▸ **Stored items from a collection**

(* Let $r\in\mathbb{N}\setminus\{0\}$ and let \[ G=\left\langle a_1,\ldots,a_r,t_1,\ldots,t_r \;\middle|\; a_ia_j=a_ja_i,\ t_it_j=t_jt_i,\ t_i^2=1,\ t_i^{-1}a_jt_i=\begin{cases}a_j & i\neq j\\ a_i^{-1} & i=j\end{cases}\ (1\le i,j\le r)\right\rangle . \] Let $s\in\mathbb{N}\setminus\{0\}$. Then $\alpha_{G\times\mathbb{Z}^s}\sim (n\mapsto n^{r+1})$. In particular, for every $m,k\in\mathbb{N}\setminus\{0\}$ with $m\geq k$, there is a virtually abelian group of rank $m$ whose automorphic growth rate is $n\mapsto n^k$.
   Context: For a finitely generated group $G$ with finite generating set $\Sigma$, the automorphic growth function $\alpha_{G,\Sigma}\colon\mathbb{N}\to\mathbb{N}$ sends $n$ to the number of orbits of the natural action of $\operatorname{Aut}(G)$ on $G$ that contain an element of word length at most $n$ with respect to $\Sigma$. For non-decreasing non-zero functions $f,g\colon\mathbb{N}\to\mathbb{N}$ write $f\preccurlyeq g$ if there is $\lambda\in\mathbb{N}\setminus\{0\}$ with $f(n)\le\lambda g(\lambda n+\lambda)+\lambda$ for all $n$, and $f\sim g$ if $f\preccurlyeq g$ and $g\preccurlyeq f$. The $\sim$-class of $\alpha_{G,\Sigma}$ does not depend on $\Sigma$ and is denoted $\alpha_G$ (the automorphic growth rate). The rank of a finitely generated virtually abelian group is the rank of a finite-index free abelian subgroup. *)

(* Abstract (possibly infinite) groups are encoded by a small
   record [Grp]; group presentations are encoded by their universal property. *)
From mathcomp Require Import all_boot all_order all_algebra.
Set Implicit Arguments. Unset Strict Implicit. Unset Printing Implicit Defensive.
Import GRing.Theory.
Local Open Scope ring_scope.

Record Grp := MkGrp {
  gcar :> Type;
  gmul : gcar -> gcar -> gcar;
  ginv : gcar -> gcar;
  gone : gcar;
  gmulA : forall x y z, gmul x (gmul y z) = gmul (gmul x y) z;
  gmul1 : forall x, gmul gone x = x;
  gmulV : forall x, gmul (ginv x) x = gone }.

Arguments gmul {g}. Arguments ginv {g}. Arguments gone {g}.

Definition zmodGrp (V : zmodType) : Grp :=
  @MkGrp V +%R -%R 0 (@addrA V) (@add0r V) (@addNr V).

Definition ZnGrp (s : nat) : Grp := zmodGrp 'rV[int]_s.

Section Prod.
Variables G H : Grp.
Definition pmul (x y : G * H) : G * H := (gmul x.1 y.1, gmul x.2 y.2).
Definition pinv (x : G * H) : G * H := (ginv x.1, ginv x.2).
Definition pone : G * H := (gone, gone).
Lemma pmulA x y z : pmul x (pmul y z) = pmul (pmul x y) z.
Proof. by rewrite /pmul /= !gmulA. Qed.
Lemma pmul1 x : pmul pone x = x.
Proof. by case: x => a b; rewrite /pmul /= !gmul1. Qed.
Lemma pmulV x : pmul (pinv x) x = pone.
Proof. by rewrite /pmul /= !gmulV. Qed.
Definition prodGrp : Grp := MkGrp pmulA pmul1 pmulV.
End Prod.

Definition letter (G : Grp) (S : seq G) (l : nat * bool) : G :=
  if l.2 then ginv (nth gone S l.1) else nth gone S l.1.

Definition evalw (G : Grp) (S : seq G) (w : seq (nat * bool)) : G :=
  foldr (fun l acc => gmul (letter S l) acc) gone w.

Definition ball (G : Grp) (S : seq G) (n : nat) (x : G) : Prop :=
  exists w : seq (nat * bool),
    [/\ all (fun l => l.1 < size S)%N w, (size w <= n)%N & evalw S w = x].

Definition generates (G : Grp) (S : seq G) : Prop :=
  forall x : G, exists n, ball S n x.

Definition is_hom (G H : Grp) (f : G -> H) : Prop :=
  forall x y, f (gmul x y) = gmul (f x) (f y).

Definition is_aut (G : Grp) (f : G -> G) : Prop := is_hom f /\ bijective f.

Definition aut_equiv (G : Grp) (x y : G) : Prop :=
  exists f : G -> G, is_aut f /\ f x = y.

Definition orbit_count (G : Grp) (S : seq G) (n N : nat) : Prop :=
  exists c : 'I_N -> G,
    [/\ forall i, ball S n (c i),
        forall i j, aut_equiv (c i) (c j) -> i = j
      & forall x, ball S n x -> exists i, aut_equiv x (c i)].

Definition autgrowth (G : Grp) (S : seq G) (alpha : nat -> nat) : Prop :=
  forall n, orbit_count S n (alpha n).

Definition gprec (f g : nat -> nat) : Prop :=
  exists lam : nat, (0 < lam)%N /\
    forall n, (f n <= lam * g (lam * n + lam) + lam)%N.

Definition gsim (f g : nat -> nat) : Prop := gprec f g /\ gprec g f.

Definition autgrowth_rate_sim (G : Grp) (g : nat -> nat) : Prop :=
  forall S : seq G, generates S ->
    exists alpha, autgrowth S alpha /\ gsim alpha g.

Definition Grels (r : nat) (H : Grp) (a t : 'I_r -> H) : Prop :=
  [/\ forall i j, gmul (a i) (a j) = gmul (a j) (a i),
      forall i j, gmul (t i) (t j) = gmul (t j) (t i),
      forall i, gmul (t i) (t i) = gone
    & forall i j, gmul (ginv (t i)) (gmul (a j) (t i)) =
                  (if i == j then ginv (a i) else a j)].

Definition presents (r : nat) (G : Grp) (a t : 'I_r -> G) : Prop :=
  [/\ generates ([seq a i | i <- enum 'I_r] ++ [seq t i | i <- enum 'I_r]),
      Grels a t
    & forall (H : Grp) (b u : 'I_r -> H), Grels b u ->
        exists f : G -> H, [/\ is_hom f, forall i, f (a i) = b i
                                       & forall i, f (t i) = u i]].

Definition fin_gen (H : Grp) : Prop := exists S : seq H, generates S.

Definition virt_abelian_rank (H : Grp) (m : nat) : Prop :=
  exists f : ZnGrp m -> H,
    [/\ is_hom f, injective f &
        exists p (c : 'I_p -> H), forall h : H,
          exists i (v : ZnGrp m), h = gmul (c i) (f v)].

From mathcomp Require Import all_boot all_order all_algebra zify ring.
From Stdlib Require Import ClassicalEpsilon FunctionalExtensionality Classical.
Set Implicit Arguments. Unset Strict Implicit. Unset Printing Implicit Defensive.

(* The relations say that G is the direct product of r copies of the infinite
   dihedral group D = <a, t | t^2 = 1, t a t = a^-1>, so G x Z^s is isomorphic
   to K = D^r x Z^s; for its standard generators the word length of
   ((a^k_p t^b_p)_p, v) is sum_p (|k_p| + b_p) + |v|_1.
   Upper bound: GL_s(Z) acting on the Z^s factor moves v to (d, 0, ..., 0) with
   |d| <= |v|_1, so an orbit meeting the n-ball is determined by the (k_p, b_p)
   and d, i.e. by O(n^(r+1)) data.
   Lower bound: for a translation x = ((a^k_p)_p, v), "x . x^g is a d-th power
   for some g" forces d | 2 v_1, and "some nontrivial commutator [x, g] is a
   d-th power" forces d | 2 k_p for some p; both properties are Aut-invariant.
   Taking v_1 in [1, M] and the k_p in the window (rM, 2rM], where divisibility
   means equality, gives M^(r+1) pairwise inequivalent elements of length O(M).
   Polynomial bounds for one generating set transfer to any other, since their
   balls are nested up to a linear change of radius. Finally D^(k-1) x Z^(m-k+1)
   has rank m and automorphic growth n^k. *)

(** * Word balls and automorphism orbits *)

Section GroupTheory.
Variable G : Grp.
Implicit Types (x y z : G) (S : seq G).

Lemma gmulrV x : gmul x (ginv x) = gone.
Proof.
rewrite -[gmul x _]gmul1 -(gmulV (ginv x)) -gmulA.
by rewrite (gmulA (ginv x) x) gmulV gmul1 gmulV.
Qed.

Lemma gmulr1 x : gmul x gone = x.
Proof. by rewrite -(gmulV x) gmulA gmulrV gmul1. Qed.

Lemma gmulKr x y : gmul (ginv x) (gmul x y) = y.
Proof. by rewrite gmulA gmulV gmul1. Qed.

Lemma gmulVKr x y : gmul x (gmul (ginv x) y) = y.
Proof. by rewrite gmulA gmulrV gmul1. Qed.

Lemma gmulI x : injective (gmul x).
Proof. by move=> y z E; rewrite -(gmulKr x y) E gmulKr. Qed.

Lemma ginv_unique x y : gmul x y = gone -> ginv x = y.
Proof. by move=> E; apply: (@gmulI x); rewrite gmulrV E. Qed.

Lemma ginvK x : ginv (ginv x) = x.
Proof. exact/ginv_unique/gmulV. Qed.

Lemma ginvM x y : ginv (gmul x y) = gmul (ginv y) (ginv x).
Proof. by apply: ginv_unique; rewrite -gmulA gmulVKr gmulrV. Qed.

Lemma ginv1 : ginv (gone : G) = gone.
Proof. exact/ginv_unique/gmul1. Qed.

Lemma evalw_cat S w1 w2 : evalw S (w1 ++ w2) = gmul (evalw S w1) (evalw S w2).
Proof. by elim: w1 => [|l w IH] /=; rewrite ?gmul1 // IH gmulA. Qed.

Definition invw (w : seq (nat * bool)) := rev [seq (l.1, ~~ l.2) | l <- w].

Lemma evalw_invw S w : evalw S (invw w) = ginv (evalw S w).
Proof.
elim: w => [|l w IH] /=; first by rewrite ginv1.
rewrite /invw /= rev_cons -cats1 evalw_cat -/(invw w) IH /= gmulr1 ginvM.
by rewrite /letter /=; case: l.2 => //=; rewrite ginvK.
Qed.

Lemma ball_le S m n x : (m <= n)%N -> ball S m x -> ball S n x.
Proof. by move=> le_mn [w [Sw le_w <-]]; exists w; split=> //; apply: leq_trans le_mn. Qed.

Lemma ball_one S n : ball S n gone.
Proof. by exists [::]. Qed.

Lemma ball_mul S m n x y : ball S m x -> ball S n y -> ball S (m + n) (gmul x y).
Proof.
move=> [w [Sw le_w <-]] [w' [Sw' le_w' <-]]; exists (w ++ w').
by rewrite all_cat Sw Sw' size_cat leq_add // evalw_cat.
Qed.

Lemma ball_inv S n x : ball S n x -> ball S n (ginv x).
Proof.
move=> [w [Sw le_w <-]]; exists (invw w); rewrite evalw_invw /invw size_rev size_map.
by rewrite all_rev all_map.
Qed.

Lemma ball_letter S l : (l.1 < size S)%N -> ball S 1 (letter S l).
Proof. by move=> Sl; exists [:: l]; rewrite /= Sl gmulr1. Qed.

Lemma ball_rescale S S' c :
    (forall i, (i < size S')%N -> ball S c (nth gone S' i)) ->
  forall n x, ball S' n x -> ball S (c * n) x.
Proof.
move=> S'c n x [w [S'w le_w <-]]; elim: w n S'w le_w => [|l w IH] n /=.
  by move=> *; apply: ball_one.
case/andP=> S'l S'w; case: n => // n le_w; rewrite mulnS.
apply: ball_mul; last exact: IH.
by rewrite /letter; case: l.2; [apply/ball_inv|]; apply: S'c.
Qed.

Lemma generates_ind S (P : G -> Prop) : generates S -> P gone ->
    (forall l x, (l.1 < size S)%N -> P x -> P (gmul (letter S l) x)) ->
  forall x, P x.
Proof.
move=> genS P1 PM x; have [_ [w [Sw _ <-]]] := genS x.
by elim: w Sw => //= l w IH /andP[Sl Sw]; apply: PM (IH Sw).
Qed.

Lemma generates_uniform_ball S : generates S ->
  forall S' : seq G, exists c, forall i, (i < size S')%N -> ball S c (nth gone S' i).
Proof.
move=> genS S'; elim: (size S') => [|k [c Sc]]; first by exists 0%N.
have [n Sn] := genS (nth gone S' k); exists (maxn c n) => i.
rewrite ltnS leq_eqVlt => /predU1P[->|lt_ik].
  by apply: ball_le Sn; rewrite leq_maxr.
by apply: ball_le (Sc _ lt_ik); rewrite leq_maxl.
Qed.

End GroupTheory.

Section Homomorphisms.
Variables G H : Grp.
Implicit Types f : G -> H.

Lemma hom_one f : is_hom f -> f gone = gone.
Proof. by move=> homf; apply: (@gmulI _ (f gone)); rewrite -homf gmul1 gmulr1. Qed.

Lemma hom_inv f x : is_hom f -> f (ginv x) = ginv (f x).
Proof. by move=> homf; symmetry; apply: ginv_unique; rewrite -homf gmulrV hom_one. Qed.

Lemma hom_can f (g : H -> G) : is_hom f -> cancel f g -> cancel g f -> is_hom g.
Proof. by move=> homf fK gK x y; apply: (can_inj fK); rewrite homf !gK. Qed.

Lemma hom_evalw f S w : is_hom f -> f (evalw S w) = evalw (map f S) w.
Proof.
move=> homf; elim: w => [|l w IH] /=; first exact: hom_one.
rewrite homf IH; congr gmul.
have fS : f (nth gone S l.1) = nth gone (map f S) l.1.
  case: (ltnP l.1 (size S)) => Sl; first by rewrite (nth_map gone).
  by rewrite !nth_default ?size_map ?hom_one.
by rewrite /letter; case: l.2; rewrite ?(hom_inv _ homf) fS.
Qed.

Lemma ball_hom f S n x : is_hom f -> ball S n x -> ball (map f S) n (f x).
Proof. by move=> homf [w [Sw le_w <-]]; exists w; rewrite size_map hom_evalw. Qed.

End Homomorphisms.

Section AutEquiv.
Variable G : Grp.
Implicit Types x y z : G.

Lemma aut_equiv_refl x : aut_equiv x x.
Proof. by exists id; do 2?split=> //; exists id. Qed.

Lemma aut_equiv_sym x y : aut_equiv x y -> aut_equiv y x.
Proof.
move=> [f [[homf [g fK gK]] <-]]; exists g; split; last exact: fK.
by split; [apply: hom_can homf fK gK | exists f].
Qed.

Lemma aut_equiv_trans x y z : aut_equiv x y -> aut_equiv y z -> aut_equiv x z.
Proof.
move=> [f [[homf bijf] <-]] [g [[homg bijg] <-]]; exists (g \o f).
by do 2?split; [move=> u v /=; rewrite homf homg | apply: bij_comp].
Qed.

End AutEquiv.

Lemma exists_transversal (A : eqType) (B : Type) (R : B -> B -> Prop) (h : A -> B)
    (L : seq A) :
    (forall x, R x x) -> (forall x y, R x y -> R y x) ->
  exists N (c : 'I_N -> B),
    [/\ forall i, exists2 a, a \in L & h a = c i,
        forall i j, R (c i) (c j) -> i = j
      & forall a, a \in L -> exists i, R (h a) (c i)].
Proof.
move=> Rxx Rsym; elim: L => [|x L [N [c [cL c_inj c_cover]]]].
  by exists 0%N; unshelve eexists; [case | split=> [[]|[]|]].
case: (classic (exists i, R (h x) (c i))) => [[i0 Ri0]|Rx].
  exists N, c; split=> // [i|a].
    by have [a La <-] := cL i; exists a; rewrite // inE La orbT.
  by rewrite inE => /predU1P[->|/c_cover]; first exists i0.
pose c' (i : 'I_N.+1) := if unlift ord_max i is Some j then c j else h x.
have c'_max : c' ord_max = h x by rewrite /c' unlift_none.
have c'_lift j : c' (lift ord_max j) = c j by rewrite /c' liftK.
exists N.+1, c'; split=> [i|i j|a].
- case: (unliftP ord_max i) => [j ->|->]; last by exists x; rewrite ?mem_head.
  by rewrite c'_lift; have [a La <-] := cL j; exists a; rewrite // inE La orbT.
- case: (unliftP ord_max i) => [i' ->|->]; case: (unliftP ord_max j) => [j' ->|->] //.
  + by rewrite !c'_lift => /c_inj ->.
  + by rewrite c'_lift c'_max => /Rsym Ri'; case: Rx; exists i'.
  + by rewrite c'_lift c'_max => Rj'; case: Rx; exists j'.
- rewrite inE => /predU1P[->|/c_cover[i Ri]]; first by exists ord_max; rewrite c'_max.
  by exists (lift ord_max i); rewrite c'_lift.
Qed.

▸ **WORK TASK**
Here the output must be the lines above from the line with "Section AutEquiv." to the line with "End AutEquiv.", both included, duplicated word for word and nothing else.

▸ **ANSWER BELOW**
Section AutEquiv.
Variable G : Grp.
Implicit Types x y z : G.

Lemma aut_equiv_refl x : aut_equiv x x.
Proof. by exists id; do 2?split=> //; exists id. Qed.

Lemma aut_equiv_sym x y : aut_equiv x y -> aut_equiv y x.
Proof.
move=> [f [[homf [g fK gK]] <-]]; exists g; split; last exact: fK.
by split; [apply: hom_can homf fK gK | exists f].
Qed.

Lemma aut_equiv_trans x y z : aut_equiv x y -> aut_equiv y z -> aut_equiv x z.
Proof.
move=> [f [[homf bijf] <-]] [g [[homg bijg] <-]]; exists (g \o f).
by do 2?split; [move=> u v /=; rewrite homf homg | apply: bij_comp].
Qed.

End AutEquiv.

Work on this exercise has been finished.